Democratic Establishment Candidates Win Two Key Senate Primaries

All’s well that ends well for Chris Van Hollen and Katie McGinty. Photo: Tom Williams/CQ Roll Call; Bill Clark/CQ Roll Call

Lost in the presidential brouhaha Tuesday night were two close Democratic U.S. Senate primaries in the two states holding down-ballot contests, Maryland and Pennsylvania. As recently as a week ago the races were up in the air, but the Democratic Establishment favorites carried the day by comfortable margins.

In a matchup of U.S. House colleagues, longtime Democratic leadership protégé Chris Van Hollen defeated sometimes-insurgent Donna Edwards by a comfortable 53-39 margin. Despite high African-American turnout fed by the presidential primary and a red-hot Baltimore mayor’s race, Edwards, who is African-American, fell short; talk of racial polarization in the contest was undercut by the fact that Van Hollen won an estimated 35 percent of the black vote. There was no real echo effect from the presidential primary; both Senate candidates endorsed Hillary Clinton, and their backers supported Clinton by very similar margins. 

Van Hollen won handily in every part of the state other than Baltimore (part of which lies in Edwards’s House district), and will be a heavy favorite to win in November. Nobody expects the shockingly good GOP performance in this heavily Democratic state in 2014 to carry over to a presidential year.

Meanwhile, in Pennsylvania, a contest with potentially greater general-election significance came out very similarly. Katie McGinty, heavily backed by the DSCC, major unions, and (late in the race) the president and vice-president, beat 2010 Senate nominee and former congressman Joe Sestak by ten points, roughly the margin by which she was trailing him in polls taken at the beginning of this month. 

While the race often got the usual Establishment-versus-populist billing, it wasn’t especially ideological; McGinty is a longtime environmental activist who is very close to Al Gore, and Sestak is occasionally unpredictable in his positioning. The real issue is that Democratic professionals didn’t trust Sestak to run a professional (or arguably, consultant-managed) general-election campaign against vulnerable Republican incumbent Pat Toomey, who narrowly defeated Sestak in 2010. Even before that loss, Sestak deeply annoyed Beltway Democrats by knocking off party-switcher Arlen Specter, a valued acquisition, in the primary. And so this time around they heavily intervened in McGinty’s favor, and it worked. Sestak’s campaign was also undermined by a stronger-than-expected third-place showing by a suburban Pittsburgh mayor named John Fetterman; McGinty and Sestak are both from the Philadelphia area.  

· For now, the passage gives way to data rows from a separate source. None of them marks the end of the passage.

Lemma simple_card_le d :
  ~ abelian_set S -> abelian_normal_index_le S d -> card_le S d.
Proof.
  intros Snab [A [Asub [An [Aab [s [Hlen [_ Hcov]]]]]]].
  destruct S_simple as [_ [_ Ssimp]].
  destruct (Ssimp A Asub An) as [Atriv | Aall].
  - exists s. split; [exact Hlen |]. intros x Sx.
    destruct (Hcov x Sx) as [g [gin Ag]].
    apply Atriv, eq_of_mulVg1 in Ag. subst. exact gin.
  - exfalso. apply Snab. intros x y Sx Sy. apply Aab; auto.
Qed.

End SimpleSubgroups.

(* Isomorphism types of finite subgroups are detected by multiplication tables
   whose entries are positions in a duplicate-free enumeration. *)
Fixpoint index_in {A : Type} (x : A) (s : list A) : nat :=
  match s with
  | [] => 0
  | a :: s' => if excluded_middle_informative (a = x) then 0 else S (index_in x s')
  end.

Lemma index_in_lt A (x : A) s : In x s -> index_in x s < length s.
Proof.
  induction s as [|a s IH]; simpl; [tauto |].
  destruct (excluded_middle_informative (a = x)); [lia |].
  intros [E | I]; [congruence |]. specialize (IH I). lia.
Qed.

Lemma nth_index_in A (x : A) s d : In x s -> nth (index_in x s) s d = x.
Proof.
  induction s as [|a s IH]; simpl; [tauto |].
  destruct (excluded_middle_informative (a = x)); [auto |].
  intros [E | I]; [congruence | auto].
Qed.

Lemma index_in_nth A (s : list A) i d :
  NoDup s -> i < length s -> index_in (nth i s d) s = i.
Proof.
  revert i; induction s as [|a s IH]; simpl; intros i ND Hi; [lia |].
  inversion ND as [|? ? Ha Hs]; subst.
  destruct i as [|i].
  - destruct (excluded_middle_informative (a = a)); congruence.
  - destruct (excluded_middle_informative (a = nth i s d)) as [E | E].
    + exfalso. apply Ha. rewrite E. apply nth_In. lia.
    + rewrite IH; auto. lia.
Qed.

Lemma nth_map_lt A B (f : A -> B) l n d d' :
  n < length l -> nth n (map f l) d' = f (nth n l d).
Proof.
  intro Hn. rewrite nth_indep with (d' := f d) by (rewrite length_map; exact Hn).
  apply map_nth.
Qed.

Definition mul_table {G : group} (s : list G) : list (list nat) :=
  map (fun a => map (fun b => index_in (gmul a b) s) s) s.

Lemma mul_table_entry (G : group) (s : list G) i j :
  i < length s -> j < length s ->
  nth j (nth i (mul_table s) []) 0
  = index_in (gmul (nth i s (gone G)) (nth j s (gone G))) s.
Proof.
  intros Hi Hj. unfold mul_table.
  rewrite nth_map_lt with (d := gone G) by exact Hi.
  rewrite nth_map_lt with (d := gone G) by exact Hj. reflexivity.
Qed.

Section TableIsomorphism.
Variables (G : group) (S1 S2 : G -> Prop) (s1 s2 : list G).
Hypotheses (S1_mul : forall x y, S1 x -> S1 y -> S1 (gmul x y))
           (S2_mul : forall x y, S2 x -> S2 y -> S2 (gmul x y))
           (s1_uniq : NoDup s1) (s2_uniq : NoDup s2)
           (s1_enum : forall x, S1 x <-> In x s1) (s2_enum : forall x, S2 x <-> In x s2)
           (tables_eq : mul_table s1 = mul_table s2).

Lemma mul_table_iso : isomorphic_subgroups S1 S2.
Proof.
  assert (L : length s1 = length s2).
  { pose proof (f_equal (@length _) tables_eq) as X.
    unfold mul_table in X. rewrite !length_map in X. exact X. }
  exists (fun x => nth (index_in x s1) s2 (gone G)). split; [|split; [|split]].
  - intros x Hx. apply s2_enum, nth_In. rewrite <- L. apply index_in_lt, s1_enum, Hx.
  - intros x y Hx Hy Exy. apply s1_enum in Hx, Hy.
    pose proof (index_in_lt _ _ Hx). pose proof (index_in_lt _ _ Hy).
    apply (proj1 (NoDup_nth s2 (gone G)) s2_uniq) in Exy; try lia.
    rewrite <- (nth_index_in x s1 (gone G)), <- (nth_index_in y s1 (gone G)), Exy;
      auto.
  - intros y Hy. apply s2_enum in Hy. pose proof (index_in_lt _ _ Hy).
    exists (nth (index_in y s2) s1 (gone G)). split.
    + apply s1_enum, nth_In. lia.
    + rewrite index_in_nth by (auto; lia). apply nth_index_in, Hy.
  - intros x y Hx Hy. pose proof (S1_mul Hx Hy) as Hxy.
    apply s1_enum in Hx, Hy, Hxy.
    pose proof (index_in_lt _ _ Hx). pose proof (index_in_lt _ _ Hy).
    set (i := index_in x s1) in *. set (j := index_in y s1) in *.
    assert (E : index_in (gmul x y) s1
                = index_in (gmul (nth i s2 (gone G)) (nth j s2 (gone G))) s2).
    { rewrite <- mul_table_entry by lia. rewrite <- tables_eq, mul_table_entry by lia.
      unfold i, j. rewrite !nth_index_in; auto. }
    rewrite E. apply nth_index_in, s2_enum, S2_mul; apply s2_enum, nth_In; lia.
Qed.

End TableIsomorphism.

Fixpoint lists_upto {A : Type} (xs : list A) (n : nat) : list (list A) :=
  match n with
  | 0 => [[]]
  | S n' => [] :: flat_map (fun a => map (cons a) (lists_upto xs n')) xs
  end.

Lemma in_lists_upto A (xs : list A) n (l : list A) :
  length l <= n -> (forall a, In a l -> In a xs) -> In l (lists_upto xs n).
Proof.
  revert l; induction n as [|n IH]; intros l Hl Hx; destruct l as [|a l]; simpl in *.
  - left; reflexivity.
  - lia.
  - left; reflexivity.
  - right. apply in_flat_map. exists a. split; auto. apply in_map, IH; auto. lia.
Qed.

Lemma mul_table_in (G : group) (s : list G) D :
  length s <= D -> (forall a b, In a s -> In b s -> In (gmul a b) s) ->
  In (mul_table s) (lists_upto (lists_upto (seq 0 D) D) D).
Proof.
  intros Hl Hc. apply in_lists_upto.
  - unfold mul_table. rewrite length_map. exact Hl.
  - intros r Hr. apply in_map_iff in Hr. destruct Hr as [a [<- Ha]].
    apply in_lists_upto; [rewrite length_map; exact Hl |].
    intros k Hk. apply in_map_iff in Hk. destruct Hk as [b [<- Hb]].
    apply in_seq. pose proof (index_in_lt _ _ (Hc a b Ha Hb)). lia.
Qed.

(* Each member of [F] is the chosen representative of its multiplication
   table, and only finitely many tables have size at most [D]. *)
Lemma nonisomorphic_bounded_family_finite (G : group) (F : (G -> Prop) -> Prop) D :
  (forall S, F S -> (forall x y, S x -> S y -> S (gmul x y)) /\ finite_set S /\
     card_le S D) ->
  (forall S1 S2, F S1 -> F S2 -> isomorphic_subgroups S1 S2 -> S1 = S2) ->
  exists l : list (G -> Prop), forall S, F S -> In S l.
Proof.
  intros HF Hiso.
  set (has_table := fun c (S : G -> Prop) =>
     F S /\ (forall x y, S x -> S y -> S (gmul x y)) /\
     exists s, NoDup s /\ (forall x, S x <-> In x s) /\ mul_table s = c).
  set (repr := fun c => epsilon (inhabits (fun _ : G => False)) (has_table c)).
  exists (map repr (lists_upto (lists_upto (seq 0 D) D) D)).
  intros S FS. destruct (HF S FS) as [Smul [[s0 Hs0] [l [Hl Hsl]]]].
  set (s := nodup (fun a b : G => excluded_middle_informative (a = b)) s0).
  assert (s_enum : forall x, S x <-> In x s).
  { intro x. unfold s. rewrite nodup_In. apply Hs0. }
  assert (s_uniq : NoDup s) by apply NoDup_nodup.
  assert (s_len : length s <= D).
  { enough (length s <= length l) by lia. apply NoDup_incl_length; [exact s_uniq |].
    intros x Hx. apply Hsl, s_enum, Hx. }
  assert (S_table : has_table (mul_table s) S)
    by (repeat split; auto; exists s; auto).
  destruct (epsilon_spec (inhabits (fun _ : G => False)) _ (ex_intro _ S S_table))
    as [FS' [Smul' [s' [s'_uniq [s'_enum Ts']]]]].
  apply in_map_iff. exists (mul_table s). split.
  - symmetry. apply Hiso; [exact FS | exact FS' |].
    apply mul_table_iso with s s'; auto.
  - apply mul_table_in; [exact s_len |].
    intros a b Ha Hb. apply s_enum, Smul; apply s_enum; assumption.
Qed.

McGinty hasn’t fared much better than Sestak in early trial heats against Toomey, but could benefit from more of the kind of high-life financial assistance she received late in the primary contest, and quite possibly from some help at the top of the ticket. Pennsylvania is one of those states where a really bad showing by Donald Trump or Ted Cruz could have real consequences down-ballot, and in the Senate.